Robison T W, Zhou H, Kim K J
Department of Molecular Pharmacology, Will Rogers Institute Pulmonary Research Center; University of Southern California, Los Angeles 90033, USA.
Environ Health Perspect. 1996 Aug;104(8):852-6. doi: 10.1289/ehp.96104852.

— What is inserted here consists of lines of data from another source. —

(* In the setting of the context, for every fixed $i\in\{1,\dots,n\}$, $$\prod_{(x,y)\in\mathfrak{X}}\frac{\max\big(1,|\beta_i(x,y)-m(x,y)|\big)}{e^6s(ns)^{2s/n}\,h^{1/n}\,(2Y_S+7/2)}\le 1.$$
   Context: Setting: $n\ge3$; $F(x,y)=\sum_{i=0}^s a_ix^{n_i}y^{n-n_i}\in\mathbb{Z}[x,y]$ of degree $n$, irreducible over $\mathbb{Q}$, all $a_i\neq0$, $0=n_0<\dots<n_s=n$, discriminant $D$. $R=n^{800\log^2n}$; $h$ a positive integer and $\kappa>1$ an integer with $h\le |D|^{\frac{1}{2(n-1)(2+1/\kappa)}}/\big((3R)^{n/2}(ns)^{2s+n}\big)$; $Y_S=e^6s(ns)^{2s/n}h^{1/(\kappa n)}$. Write $F(x,y)=a\prod_{i=1}^n(x-\alpha_iy)$ ($\alpha_i$ the roots of $F(x,1)$) and $L_i(x,y)=x-\alpha_iy$. A ''solution'' is a pair $(x,y)\in\mathbb{Z}^2$ with $\gcd(x,y)=1$ and $1\le|F(x,y)|\le h$, with $(x,y)$ and $(-x,-y)$ identified. Assume there is a solution with $0\le y\le Y_S$, and fix one such, $(x_0,y_0)$, with $y_0\ge0$ minimal. Index the roots so that $|L_1(x_0,y_0)|=\min_i|L_i(x_0,y_0)|$. There is at most one solution $(x^*,y^* )$ with $0<y^*\le Y_S$ and $|L_1(x^*,y^* )|<1/(2Y_S)$; let $\mathbf{A}=\{(x_0,y_0)\}$ together with $(x^*,y^* )$ if it exists. For a primitive $(x,y)$ choose integers $x',y'$ with $x'y-xy'=1$ and set $\beta_j(x,y)=-L_j(x',y')/L_j(x,y)$ (so that $F(ux+wx',uy+wy')=F(x,y)\prod_j(u-\beta_j(x,y)w)$), and let $m(x,y)$ be an integer with $|\mathrm{Re}\,\beta_1(x,y)-m(x,y)|\le 1/2$. For $1\le i\le n$, $\mathfrak{X}_i$ is the set of solutions $(x,y)\notin\mathbf{A}$ with $1\le y\le Y_S$ and $|L_i(x,y)|\le\frac{1}{2y}$. For each nonempty $\mathfrak{X}_i$ let $(x^{(i)},y^{(i)})$ be an element of $\mathfrak{X}_i$ with largest $y$. $\mathfrak{X}$ is the set of solutions $(x,y)\notin\mathbf{A}$ with $1\le y\le Y_S$, with all the elements $(x^{(1)},y^{(1)}),\dots,(x^{(n)},y^{(n)})$ removed. *)

From HB Require Import structures.
From mathcomp Require Import all_boot all_order all_algebra.
From mathcomp Require Import all_classical all_reals all_analysis.
From mathcomp Require Import complex.

Set Implicit Arguments.
Unset Strict Implicit.
Unset Printing Implicit Defensive.

Import Order.TTheory GRing.Theory Num.Theory.
Local Open Scope ring_scope.

(* The binary form F(x,y) = sum_{i=0}^s a_i x^{n_i} y^{n-n_i},
   evaluated in any commutative ring T; a i = a_i, e i = n_i. *)
Definition Fval (n s : nat) (a : nat -> int) (e : nat -> nat)
    (T : comPzRingType) (x y : T) : T :=
  \sum_(i < s.+1) (a i)%:~R * x ^+ (e i) * y ^+ (n - e i).

Definition Fpoly (s : nat) (a : nat -> int) (e : nat -> nat) : {poly rat} :=
  \sum_(i < s.+1) ((a i)%:~R)%:P * 'X^(e i).

Definition cabs (R : realType) (z : R[i]) : R := ComplexField.Normc.normc z.

Section Setting.
Variables (R : realType) (n s : nat) (a : nat -> int) (e : nat -> nat)
          (h kappa : nat) (alpha : nat -> R[i]).

(* discriminant of F : a^{2n-2} prod_{i<j} (alpha_i - alpha_j)^2,
   with a = a_s the coefficient of x^n *)
Definition discF : R[i] :=
  ((a s)%:~R) ^+ (2 * n - 2) *
  \prod_(i < n) \prod_(j < n | (i < j)%N) (alpha i - alpha j) ^+ 2.

Definition Rconst : R := powR (n%:R) (800 * (ln (n%:R)) ^+ 2).

Definition YS : R :=
  expR 6 * s%:R * powR ((n * s)%:R) (2 * s%:R / n%:R)
    * powR (h%:R) (1 / (kappa%:R * n%:R)).

(* L_j(x,y) = x - alpha_j y  (roots indexed 0..n-1; paper's L_1 is L 0) *)
Definition Lj (j : nat) (x y : int) : R[i] := x%:~R - alpha j * y%:~R.

Definition is_sol (x y : int) : Prop :=
  gcdz x y = 1 /\ 1 <= `|Fval n s a e x y| /\ `|Fval n s a e x y| <= h%:Z.

Variables (x0 y0 : int).

Definition inA (x y : int) : Prop :=
  (x, y) = (x0, y0) \/
  (is_sol x y /\ 0 < y /\ (y%:~R : R) <= YS /\ cabs (Lj 0 x y) < 1 / (2 * YS)).

Definition inXi (i : nat) (x y : int) : Prop :=
  is_sol x y /\ ~ inA x y /\ 1 <= y /\ (y%:~R : R) <= YS /\
  cabs (Lj i x y) <= 1 / (2 * (y%:~R : R)).

Variable sel : nat -> int * int.

Definition inX (x y : int) : Prop :=
  is_sol x y /\ ~ inA x y /\ 1 <= y /\ (y%:~R : R) <= YS /\
  ~ (exists i, (i < n)%N /\ (exists x' y', inXi i x' y') /\ sel i = (x, y)).

Variables (xp yp : int -> int -> int).

Definition beta (j : nat) (x y : int) : R[i] :=
  - Lj j (xp x y) (yp x y) / Lj j x y.

End Setting.

(* Every (x, y) in X satisfies |L_1(x, y)| >= 1/(2 Y_S), because it is not the
   exceptional solution of A, and also |L_i(x, y)| >= 1/(2 Y_S): either (x, y) is
   not in X_i, or it lies in X_i without being its top element (x^(i), y^(i)), and
   then the nonzero integer x y^(i) - x^(i) y forces |L_i(x, y)| >= 1/(2 y^(i)).
   Since beta_j(x, y) = - y'/y - 1/(y L_j(x, y)), both corrections have modulus at
   most 2 Y_S; as m(x, y) is within 1/2 of Re beta_1(x, y), this gives
   |beta_i - m| <= 4 Y_S + 1/2.  The constant e^6 s (ns)^(2s/n) h^(1/n) is at
   least 2, so every factor of the product lies in [0, 1]. *)

From mathcomp Require Import all_boot all_order all_algebra.
From mathcomp Require Import all_classical all_reals all_analysis.
From mathcomp Require Import complex.
From mathcomp Require Import ring lra.
Set Implicit Arguments.
Unset Strict Implicit.

Import Order.TTheory GRing.Theory Num.Theory.
Local Open Scope ring_scope.

Section ComplexModulus.
Variable R : realType.
Implicit Types (z w : R[i]) (r : R).

Lemma cabs_ge0 z : 0 <= cabs z.
Proof. by case: z => u v; exact: sqrtr_ge0. Qed.

Lemma cabs0 : cabs (0 : R[i]) = 0.
Proof. exact: ComplexField.Normc.normc0. Qed.

Lemma cabsD z w : cabs (z + w) <= cabs z + cabs w.
Proof. exact: le_normcD. Qed.

Lemma cabsN z : cabs (- z) = cabs z.
Proof. exact: normcN. Qed.

Lemma cabsM z w : cabs (z * w) = cabs z * cabs w.
Proof. exact: ComplexField.Normc.normcM. Qed.

Lemma cabsV z : cabs z^-1 = (cabs z)^-1.
Proof. exact: ComplexField.Normc.normcV. Qed.

Lemma cabs_real r : cabs r%:C%C = `|r|.
Proof. by rewrite /cabs /= expr0n /= addr0 sqrtr_sqr. Qed.

Lemma cabs_int (k : int) : cabs (k%:~R : R[i]) = `|k%:~R : R|.
Proof. by rewrite -cabs_real rmorph_int. Qed.

Lemma Re_le_cabs z : `|complex.Re z| <= cabs z.
Proof.
case: z => u v /=; rewrite -sqrtr_sqr; apply: ler_wsqrtr.
by rewrite lerDl sqr_ge0.
Qed.

Lemma cabs_sub_le_of_Re_near (c r : R) w0 w :
  `|complex.Re (c%:C%C - w0) - r| <= 1 / 2 ->
  cabs (c%:C%C - w - r%:C%C) <= 1 / 2 + cabs w0 + cabs w.
Proof.
rewrite (_ : complex.Re _ = c - complex.Re w0); last by case: w0.
move=> near_r; rewrite addrAC -rmorphB.
apply: le_trans (cabsD _ _) _; rewrite cabsN cabs_real.
have := ler_normD (c - complex.Re w0 - r) (complex.Re w0).
have := Re_le_cabs w0; rewrite addrAC subrK; lra.
Qed.

Lemma cabs_inv_mul_le (k : int) (K : R) z :
  1 <= k -> 0 < K -> 1 / (2 * K) <= cabs z -> cabs ((k%:~R * z)^-1) <= 2 * K.
Proof.
move=> k_ge1 K_gt0 z_ge.
have kR_ge1 : 1 <= k%:~R :> R by rewrite ler1z.
have z_gt0 : 0 < cabs z by apply: lt_le_trans z_ge; rewrite mul1r invr_gt0; lra.
rewrite cabsV cabsM cabs_int ger0_norm; last lra.
rewrite -[2 * K]invrK lef_pV2 ?posrE; last 2 first.
- by apply: mulr_gt0 => //; lra.
- by rewrite invr_gt0; lra.
move: z_ge; rewrite mul1r; nra.
Qed.

End ComplexModulus.

Lemma det_neq0_of_coprime (x y x' y' : int) :
  gcdz x' y' = 1 -> 0 < y <= y' -> (x, y) != (x', y') -> x * y' - x' * y != 0.
Proof.
move=> cop /andP[y_gt0 le_yy'] neq; apply: contra neq; rewrite subr_eq0 => /eqP eq.
have /dvdzP[k def_y] : (y' %| y)%Z.
  rewrite -(Gauss_dvdzr _ (_ : coprimez y' x')); last by rewrite /coprimez gcdzC cop.
  by rewrite -eq dvdz_mull.
have y'_gt0 : 0 < y' := lt_le_trans y_gt0 le_yy'.
have k_ge1 : 1 <= k by rewrite -gtz0_ge1 -(pmulr_lgt0 _ y'_gt0) -def_y.
have y_eq : y = y'.
  by apply/eqP; rewrite eq_le le_yy' def_y ler_peMl // ltW.
by move: eq; rewrite y_eq => /(mulIf (lt0r_neq0 y'_gt0)) ->.
Qed.

Lemma ratio_of_unimodular (F : fieldType) (X Y X' Y' t : F) :
  X' * Y - X * Y' = 1 -> Y != 0 -> X - t * Y != 0 ->
  - (X' - t * Y') / (X - t * Y) = - (Y' / Y) - (Y * (X - t * Y))^-1.
Proof.
move=> det Y_neq0 L_neq0; rewrite -[(_ * _)^-1]mul1r -det.
by field; rewrite Y_neq0 L_neq0.
Qed.

Section LinearForms.
Variables (R : realType) (alpha : nat -> R[i]) (j : nat).
Implicit Types x y : int.

Lemma Lj_det x y x' y' :
  ((x * y' - x' * y)%:~R : R[i]) = y'%:~R * Lj alpha j x y - y%:~R * Lj alpha j x' y'.
Proof. by rewrite /Lj intrB !intrM; ring. Qed.

Lemma beta_split (xp yp : int -> int -> int) x y :
  xp x y * y - x * yp x y = 1 -> y != 0 -> Lj alpha j x y != 0 ->
  beta alpha xp yp j x y = - ((yp x y)%:~R / y%:~R) - (y%:~R * Lj alpha j x y)^-1.
Proof.
move=> det y_neq0; apply: ratio_of_unimodular; last by rewrite intr_eq0.
by rewrite -!intrM -intrB det.
Qed.

(* The determinant [x y' - x' y] is a nonzero integer, hence of modulus at least 1. *)
Lemma Lj_gap x y x' y' :
  gcdz x' y' = 1 -> 0 < y <= y' -> (x, y) != (x', y') ->
  cabs (Lj alpha j x' y') <= 1 / (2 * y'%:~R) ->
  1 / (2 * y'%:~R) <= cabs (Lj alpha j x y).
Proof.
move=> cop /andP[y_gt0 le_yy'] neq close'.
have det_ge1 : 1 <= `|(x * y' - x' * y)%:~R : R|.
  by rewrite -intr_norm ler1z -gtz0_ge1 normr_gt0 det_neq0_of_coprime // y_gt0.
have yR_gt0 : 0 < y%:~R :> R by rewrite ltr0z.
have le_yyR : y%:~R <= y'%:~R :> R by rewrite ler_int.
have y'R_gt0 : 0 < y'%:~R :> R := lt_le_trans yR_gt0 le_yyR.
have := cabsD (y'%:~R * Lj alpha j x y) (- (y%:~R * Lj alpha j x' y')).
rewrite -Lj_det cabs_int cabsN !cabsM !cabs_int (gtr0_norm yR_gt0) (gtr0_norm y'R_gt0).
have twoy'_gt0 : 0 < 2 * y'%:~R :> R by rewrite mulr_gt0.
move: close'; rewrite ler_pdivlMr // ler_pdivrMr //.
have := cabs_ge0 (Lj alpha j x y); have := cabs_ge0 (Lj alpha j x' y').
nra.
Qed.

End LinearForms.

Section ExceptionalSets.
Variables (R : realType) (n s : nat) (a : nat -> int) (e : nat -> nat)
  (h kappa : nat) (alpha : nat -> R[i]) (x0 y0 : int) (sel : nat -> int * int).

Local Notation K := (YS R n s h kappa).
Local Notation inXi := (inXi n s a e h kappa alpha x0 y0).
Local Notation inX := (inX n s a e h kappa alpha x0 y0 sel).

Hypothesis sel_top : forall j, (j < n)%N -> (exists x y, inXi j x y) ->
  inXi j (sel j).1 (sel j).2 /\ (forall x y, inXi j x y -> y <= (sel j).2).

Lemma inX_Lj_ge j x y : (j < n)%N -> inX x y -> 1 / (2 * K) <= cabs (Lj alpha j x y).
Proof.
move=> lt_jn [sol [notA [y_ge1 [le_yK not_sel]]]].
have yR_gt0 : 0 < y%:~R :> R by rewrite ltr0z (lt_le_trans ltr01).
have inv_le (Y : R) : 0 < Y -> Y <= K -> 1 / (2 * K) <= 1 / (2 * Y).
  by move=> Y_gt0 le_YK; rewrite !mul1r lef_pV2 ?posrE; lra.
have [Xj | notXj] := pselect (inXi j x y); last first.
  apply: le_trans (inv_le _ yR_gt0 le_yK) _.
  rewrite leNgt; apply/negP => /ltW close.
  exact: notXj (conj sol (conj notA (conj y_ge1 (conj le_yK close)))).
move: (sel_top lt_jn (ex_intro _ x (ex_intro _ y Xj))).
case def_sel: (sel j) => [x' y'] /= [[sol' [_ [y'_ge1 [le_y'K close']]]] top].
have y'R_gt0 : 0 < y'%:~R :> R by rewrite ltr0z (lt_le_trans ltr01).
apply: le_trans (inv_le _ y'R_gt0 le_y'K) (Lj_gap _ _ _ close').
- exact: sol'.1.
- by rewrite (lt_le_trans ltr01) // (top x y Xj).
- apply/eqP => eq_xy; apply: not_sel; exists j.
  by split => //; split; [exists x, y | rewrite def_sel eq_xy].
Qed.

Variables (xp yp m : int -> int -> int).
Hypothesis xp_det : forall x y, gcdz x y = 1 -> xp x y * y - x * yp x y = 1.
Hypothesis m_near : forall x y, gcdz x y = 1 ->
  `|complex.Re (beta alpha xp yp 0 x y) - (m x y)%:~R| <= 1 / 2 :> R.

Lemma inX_beta_sub_m_le j x y : (0 < n)%N -> (j < n)%N -> inX x y ->
  cabs (beta alpha xp yp j x y - (m x y)%:~R) <= 4 * K + 1 / 2.
Proof.
move=> n_gt0 lt_jn Xxy; have [[cop _] [_ [y_ge1 [le_yK _]]]] := Xxy.
have y_gt0 : 0 < y := lt_le_trans ltr01 y_ge1.
have K_gt0 : 0 < K by apply: lt_le_trans le_yK; rewrite ltr0z.
have L_ge k : (k < n)%N -> 1 / (2 * K) <= cabs (Lj alpha k x y).
  by move=> lt_kn; apply: inX_Lj_ge.
have L_neq0 k : (k < n)%N -> Lj alpha k x y != 0.
  move=> lt_kn; apply/eqP => L0; have := L_ge _ lt_kn.
  by rewrite L0 cabs0 mul1r invr_le0; lra.
have beta_k k : (k < n)%N -> beta alpha xp yp k x y =
    (- ((yp x y)%:~R / y%:~R : R))%:C%C - (y%:~R * Lj alpha k x y)^-1.
  move=> lt_kn; rewrite beta_split ?xp_det ?(lt0r_neq0 y_gt0) ?L_neq0 //.
  by rewrite rmorphN fmorph_div !rmorph_int.
have := m_near cop; rewrite beta_k //.
move=> /(cabs_sub_le_of_Re_near (y%:~R * Lj alpha j x y)^-1).
rewrite -beta_k // rmorph_int.
have := cabs_inv_mul_le y_ge1 K_gt0 (L_ge _ lt_jn).
have := cabs_inv_mul_le y_ge1 K_gt0 (L_ge _ n_gt0).
lra.
Qed.

End ExceptionalSets.

Lemma powR_ge1 (R : realType) (b r : R) : 1 <= b -> 0 <= r -> 1 <= b `^ r.
Proof. by move=> b_ge1 r_ge0; apply: le_trans (ler_powR b_ge1 r_ge0); rewrite powRr0. Qed.

Lemma expR6_const_ge2 (R : realType) (n s h : nat) :
  (0 < n)%N -> (0 < s)%N -> (0 < h)%N ->
  2 <= expR 6 * s%:R * powR ((n * s)%:R) (2 * s%:R / n%:R) * powR (h%:R) (1 / n%:R) :> R.
Proof.
move=> n_gt0 s_gt0 h_gt0.
have expR6_ge2 : 2 <= expR 6 :> R by apply: le_trans (expR_ge1Dx 6); lra.
apply: (le_trans expR6_ge2); rewrite -!mulrA ler_peMr ?expR_ge0 //.
by rewrite !mulr_ege1 ?ler1n ?powR_ge1 ?ler1n ?muln_gt0 ?n_gt0 ?divr_ge0 ?mulr_ge0.
Qed.

Lemma max1_ratio_bounds (R : realFieldType) (b C K : R) :
  2 <= C -> 1 <= K -> b <= 4 * K + 1 / 2 ->
  0 <= Num.max 1 b / (C * (2 * K + 7 / 2)) <= 1.
Proof.
move=> C_ge2 K_ge1 b_le.
have den_gt0 : 0 < C * (2 * K + 7 / 2) by apply: mulr_gt0; lra.
apply/andP; split; first by apply: divr_ge0 (ltW den_gt0); rewrite le_max ler01.
by rewrite ler_pdivrMr // mul1r ge_max; apply/andP; split; nra.
Qed.

Theorem lemma4p5
  (R : realType) (n s : nat) (a : nat -> int) (e : nat -> nat)
  (h kappa : nat) (alpha : nat -> R[i])
  (x0 y0 : int) (sel : nat -> int * int) (xp yp m : int -> int -> int)
  (i : nat) (S : seq (int * int)) :
  (* setting: the form F *)
  (3 <= n)%N ->
  e 0%N = 0%N ->
  (forall k, (k < s)%N -> (e k < e k.+1)%N) ->
  e s = n ->
  (forall k, (k <= s)%N -> a k != 0) ->
  irreducible_poly (Fpoly s a e) ->
  (* alpha_1..alpha_n (here alpha 0 .. alpha (n-1)) are the roots of F(x,1) *)
  (forall z : R[i], Fval n s a e z 1 = (a s)%:~R * \prod_(j < n) (z - alpha j)) ->
  (* h, kappa *)
  (0 < h)%N -> (1 < kappa)%N ->
  (h%:R : R) <=
    powR (cabs (discF n s a alpha))
         (1 / (2 * (n - 1)%:R * (2 + 1 / kappa%:R)))
    / (powR (3 * Rconst R n) (n%:R / 2) * ((n * s) ^ (2 * s + n))%:R) ->
  (* (x0,y0): a solution with 0 <= y0 <= Y_S and y0 minimal *)
  is_sol n s a e h x0 y0 -> 0 <= y0 -> (y0%:~R : R) <= YS R n s h kappa ->
  (forall x y, is_sol n s a e h x y -> 0 <= y -> (y%:~R : R) <= YS R n s h kappa ->
     y0 <= y) ->
  (* indexing of the roots: |L_1(x0,y0)| minimal *)
  (forall j, (j < n)%N -> cabs (Lj alpha 0 x0 y0) <= cabs (Lj alpha j x0 y0)) ->
  (* choice of (x^(j), y^(j)) : an element of frak X_j with largest y *)
  (forall j, (j < n)%N -> (exists x y, inXi n s a e h kappa alpha x0 y0 j x y) ->
     inXi n s a e h kappa alpha x0 y0 j (sel j).1 (sel j).2 /\
     (forall x y, inXi n s a e h kappa alpha x0 y0 j x y -> y <= (sel j).2)) ->
  (* choice of x', y' with x'y - xy' = 1, and of m(x,y) *)
  (forall x y, gcdz x y = 1 -> xp x y * y - x * yp x y = 1) ->
  (forall x y, gcdz x y = 1 ->
     `|complex.Re (beta alpha xp yp 0 x y) - (m x y)%:~R| <= 1 / 2 :> R) ->
  (* the fixed index i and an enumeration S of the finite set frak X *)
  (i < n)%N ->
  uniq S ->
  (forall x y, (x, y) \in S <-> inX n s a e h kappa alpha x0 y0 sel x y) ->
  \prod_(p <- S)
     (Num.max 1 (cabs (beta alpha xp yp i p.1 p.2 - (m p.1 p.2)%:~R))
      / (expR 6 * s%:R * powR ((n * s)%:R) (2 * s%:R / n%:R)
         * powR (h%:R) (1 / n%:R) * (2 * YS R n s h kappa + 7 / 2)))
  <= 1.
Proof.
move=> n_ge3 e0 _ es _ _ _ h_gt0 _ _ _ _ _ _ _ sel_top xp_det m_near lt_in _ memS.
have n_gt0 : (0 < n)%N by apply: leq_trans n_ge3.
have s_gt0 : (0 < s)%N by rewrite lt0n; apply: contraTneq n_ge3 => s0; rewrite -es s0 e0.
have C_ge2 := expR6_const_ge2 R n_gt0 s_gt0 h_gt0.
rewrite big_seq; apply: prodr_ile1 => -[x y] /memS Xxy /=.
have [_ [_ [y_ge1 [le_yK _]]]] := Xxy.
have K_ge1 : 1 <= YS R n s h kappa by apply: le_trans le_yK; rewrite ler1z.
apply: max1_ratio_bounds C_ge2 K_ge1 _.
exact: (inX_beta_sub_m_le sel_top xp_det m_near n_gt0 lt_in Xxy).
Qed.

Pulmonary injury from nitrogen dioxide (NO2) may in part be related to the generation of aldehydic compounds, which bind with cellular proteins and subsequently impair or inhibit cell function. We examined the generation of aldehydes from guinea pig tracheobronchial epithelial (GPTE) cell monolayers exposed to NO2. With the use of dinitrophenylhydrazine (DNP) to derivatize aldehydic compounds, glycolaldehyde, a two carbon alpha-hydroxyaldehyde, was identified in elevated levels in the basolateral fluid from monolayers exposed to NO2. DNP-glycolaldehyde levels were 81.2 +/- 2.7 and 234.0 +/- 42.6 nM in response to a 1-hr exposure to 1 and 5 ppm NO2, respectively, as compared to an air-control value of 20.3 +/- 6.8 nM. Taking into account dilution and reactivity, cellular glycolaldehyde levels could have reached as high as 3 mM for the 60-min exposure period (i.e., 0.05 mM/min). The effects of exogenous glycolaldehyde on GPTE ouabain-sensitive basolateral 86Rb uptake (an index of Na+,K(+)-ATPase activity) were examined and compared with the actions of NO2 exposure. Bolus addition of glycolaldehyde to the basolateral fluid at concentrations > or = 5 mM led to an inhibition of ouabain-sensitive 86Rb uptake, while lower concentrations had no effect. the effects of exogenous glycolaldehyde differ from NO2 exposure, which led to a sustained elevation of ouabain-sensitive 86Rb uptake with presumed generation of glycolaldehyde at a continuous low level. Glycolaldehyde does not appear to play a significant role in the acute alterations of sodium pump activity, suggesting that the NO2-induced changes in Na+,K(+)-ATPase activity of GPTE monolayers probably are further mediated by other lipid peroxidation products/oxidation processes yet to be identified.
二氧化氮(NO₂)造成的肺损伤可能部分与醛类化合物的生成有关,醛类化合物会与细胞蛋白结合,进而损害或抑制细胞功能。我们研究了暴露于NO₂的豚鼠气管支气管上皮(GPTE)细胞单层中醛类的生成情况。使用二硝基苯肼(DNP)对醛类化合物进行衍生化处理后,在暴露于NO₂的细胞单层基底外侧液中,二碳α-羟基醛乙醇醛的水平显著升高。与空气对照值20.3±6.8 nM相比,暴露于1 ppm和5 ppm NO₂ 1小时后,DNP-乙醇醛水平分别为81.2±2.7 nM和234.0±42.6 nM。考虑到稀释和反应活性,在60分钟的暴露期内,细胞内乙醇醛水平可能高达3 mM(即0.05 mM/分钟)。研究了外源性乙醇醛对GPTE哇巴因敏感的基底外侧⁸⁶Rb摄取(Na⁺,K⁺-ATP酶活性指标)的影响,并与NO₂暴露的作用进行了比较。向基底外侧液中一次性加入浓度≥5 mM的乙醇醛会导致哇巴因敏感的⁸⁶Rb摄取受到抑制,而较低浓度则无此作用。外源性乙醇醛的作用与NO₂暴露不同,NO₂暴露会导致哇巴因敏感的⁸⁶Rb摄取持续升高,推测是由于持续产生低水平的乙醇醛。乙醇醛似乎在钠泵活性的急性改变中不起重要作用,这表明NO₂诱导的GPTE细胞单层Na⁺,K⁺-ATP酶活性变化可能进一步由其他尚未确定的脂质过氧化产物/氧化过程介导。